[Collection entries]

________________

(* Let $\odot$ be a pseudo-multiplication on $[0,\infty]$ with left identity $1_{\odot}$, and let $F_{\odot}$ be the set of $\odot$-finite elements. The following conditions are equivalent: (1) $\odot$ is non-degenerate, i.e. $1_{\odot}$ is $\odot$-finite; (2) there exists some $t>0$ that is $\odot$-finite; (3) the monoid $([0,1_{\odot}],\odot)$ is commutative; (4) $F_{\odot}$ is either $[0,\infty]$ or of the form $[0,\phi)$ for some $\phi\in(1_{\odot},\infty]$. Moreover, if $F_{\odot}=[0,\phi)$, then $O(\phi)=\phi$ and $t\odot\phi=\phi\odot t=\phi$ for all $0<t\leqslant\phi$; in particular $\phi\odot\phi=\phi$.
   Context: A pseudo-multiplication is a binary operation $\odot:[0,\infty]\times[0,\infty]\to[0,\infty]$ such that: $\odot$ is associative; $\odot$ is continuous on $(0,\infty)\times[0,\infty]$; for every $t$, the map $s\mapsto s\odot t$ is continuous on $(0,\infty]$; $\odot$ is nondecreasing in each argument; there is a left identity element $1_{\odot}$, i.e. $1_{\odot}\odot t=t$ for all $t$; there are no zero divisors, i.e. $s\odot t=0$ implies $s=0$ or $t=0$; and $0$ is an annihilator, i.e. $0\odot t=t\odot 0=0$ for all $t$. For $t\in[0,\infty]$ put $O(t)=\inf_{s>0} s\odot t$. An element $t$ is called $\odot$-finite if $O(t)=0$, and $\odot$-infinite otherwise. The pseudo-multiplication $\odot$ is called non-degenerate if $O(1_{\odot})=0$. *)

From HB Require Import structures.
From mathcomp Require Import all_boot all_order all_algebra.
From mathcomp Require Import all_classical all_reals all_analysis.
Set Implicit Arguments. Unset Strict Implicit. Unset Printing Implicit Defensive.
Import Order.TTheory GRing.Theory Num.Theory.
Local Open Scope classical_set_scope.
Local Open Scope ereal_scope.

Definition nnE (R : realType) : set (\bar R) := [set x | 0 <= x].

(* A pseudo-multiplication on [0,oo] (values outside [0,oo] are irrelevant)
   with left identity [one]. *)
Record is_pseudo_mult (R : realType) (op : \bar R -> \bar R -> \bar R)
    (one : \bar R) : Prop := IsPseudoMult {
  pm_range : forall s t, 0 <= s -> 0 <= t -> 0 <= op s t;
  pm_assoc : forall s t u, 0 <= s -> 0 <= t -> 0 <= u ->
    op (op s t) u = op s (op t u);
  pm_cont : {within [set p : \bar R * \bar R | 0 < p.1 < +oo /\ 0 <= p.2],
         continuous (fun p : \bar R * \bar R => op p.1 p.2)};
  pm_cont_left : forall t, 0 <= t ->
    {within [set s : \bar R | 0 < s], continuous (fun s => op s t)};
  pm_mono_l : forall s s' t, 0 <= s -> s <= s' -> 0 <= t -> op s t <= op s' t;
  pm_mono_r : forall s t t', 0 <= s -> 0 <= t -> t <= t' -> op s t <= op s t';
  pm_one_ge0 : 0 <= one;
  pm_one_l : forall t, 0 <= t -> op one t = t;
  pm_nozd : forall s t, 0 <= s -> 0 <= t -> op s t = 0 -> s = 0 \/ t = 0;
  pm_0l : forall t, 0 <= t -> op 0 t = 0;
  pm_0r : forall t, 0 <= t -> op t 0 = 0 }.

________________

WHAT THE EXERCISE ASKS:
Copy the lines above exactly, beginning at the line that has "Definition nnE (R" and stopping after the line that has "pm_cont_left : forall t, 0 <= t ->", and omit the rest.

RESULT OF THIS TASK:
Definition nnE (R : realType) : set (\bar R) := [set x | 0 <= x].

(* A pseudo-multiplication on [0,oo] (values outside [0,oo] are irrelevant)
   with left identity [one]. *)
Record is_pseudo_mult (R : realType) (op : \bar R -> \bar R -> \bar R)
    (one : \bar R) : Prop := IsPseudoMult {
  pm_range : forall s t, 0 <= s -> 0 <= t -> 0 <= op s t;
  pm_assoc : forall s t u, 0 <= s -> 0 <= t -> 0 <= u ->
    op (op s t) u = op s (op t u);
  pm_cont : {within [set p : \bar R * \bar R | 0 < p.1 < +oo /\ 0 <= p.2],
         continuous (fun p : \bar R * \bar R => op p.1 p.2)};
  pm_cont_left : forall t, 0 <= t ->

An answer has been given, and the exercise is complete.